On 2021-08-15, at 14:52:27, Gregg Young wrote:
> On Sun, 15 Aug 2021 15:36:16 -0400 Lewis wrote:
> >
> >Hi...
> >
> >On 08/15/21 08:57 am, Alfredo Fernández Díaz wrote:
> >>"Morning,"
> >>
> >>On 2021/08/15 04:04, Lewis wrote:
> >>>Hi...
> >>>
> >>>Changing the codepage isn't enough. The content needs to be converted to UTF-8
> >>>(it was still CP850).
> >>
> >>As I tried to explain (albeit maybe too briefly, sorry) this still breaks (more?) things...
> >>
> >>I am perfectly aware that the WIS contains non-English characters, so specifying CODEPAGE is not enough -- what you
> state there must be the one in use as well, so if the original used CP850 characters, a proper conversion is in order, sure.
> >>
> >>Still, WarpIN is not handling this correctly...
> >>
> >><snip>
> >>>This gave me a UTF-8 script, which properly renders Ulrich's name and which
> >>>then matches what's in the WarpIN db (no error report of missing XWP).
> >>
> >>Lewis, did you notice I reported this was a problem that showed up /on a Russian system/, and nowhere else? -- Ulrich's
> name was always properly processed and rendered on my main system (main CP always 850).
> >>
> >
> >You got me there. I was only testing in English. My first go-round told me that XWP was not installed, as it couldn't match
> Ulrich's name in the db. Once I converted the script to UTF-8, all was right with the world.
> >
> >>I am attaching two screenshots to illustrate that something (which may or may not be new, and/or related to the problem
> with not finding XWP in the database) breaks when you convert the WIS:
> >>
> >>lsw@ru_CP850.png shows how the readme (CP 850) is rendered on this Russian system under CP 866 when the wis is
> CP850-encoded: see the "?" on my name?

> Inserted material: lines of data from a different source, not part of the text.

Lemma Per_exists (f : torus_aut K) : unity_root_free (ta_mat f) -> exists p, Per f p.
Proof.
move=> free; have [|p p_tor fp] := @ta_fun_fixed_point f.
  by rewrite -[ta_mat f]expr1; exact: free.
by exists p; split => //; exists 1%N.
Qed.
End ClosedField.

Lemma loxodromic_unity_root_free (K : fieldType) (f : torus_aut K) :
  loxodromic f -> unity_root_free (ta_mat f).
Proof.
move=> lox N N_gt0; apply/negP => /eqP det0.
have [k k_gt0 [E MNk E2]] := unipotent_power_mx22 (unitrX N (ta_mat_unit f)) det0.
have Nk_gt0 : (0 < N * k)%N by rewrite muln_gt0 N_gt0.
have [C growth] := mx_norm1_unipotent_power_growth Nk_gt0 (etrans (exprM _ _ _) MNk) E2.
apply: (Rbar_le_not_lt _ _ _ lox); apply: (Lim_seq_root_le1 (C := C)) => m m_gt0.
by rewrite deg_iterE; exact: growth.
Qed.

Theorem proposition8p1 (K : closedFieldType) (f g : torus_aut K) :
  loxodromic f -> loxodromic g ->
  ((exists p : K * K, Per f p /\ Per g p) <-> (forall p : K * K, Per f p <-> Per g p)).
Proof.
move=> /loxodromic_unity_root_free free_f /loxodromic_unity_root_free free_g; split.
  by move=> [p [fp gp]] q; rewrite (PerE free_f fp) (PerE free_g gp).
move=> Per_eq; have [p fp] := Per_exists free_f.
by exists p; split; last rewrite -Per_eq.
Qed.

That is possibly a rendering-only, cosmetic problem.
> >>
> >>Now, let's convert the WIS to UTF (and change its CODEPAGE attribute accordingly), and fire up WarpIN on that again:
> see lsw@ru_CP850.png, look at my name again.
> >>
> >>That is a UTF conversion problem, which may or may not be related to the one I reported initially, but we definitely brought
> it up converting the WIS to CP 1208 aka UTF8.
> >>
> >
> >The WarpIN source says that we handle extracted files (EXTRACTFROMPCK) like so:
> >
> >if (!G_pCurrentPageInfo->_ulExtractFromPck)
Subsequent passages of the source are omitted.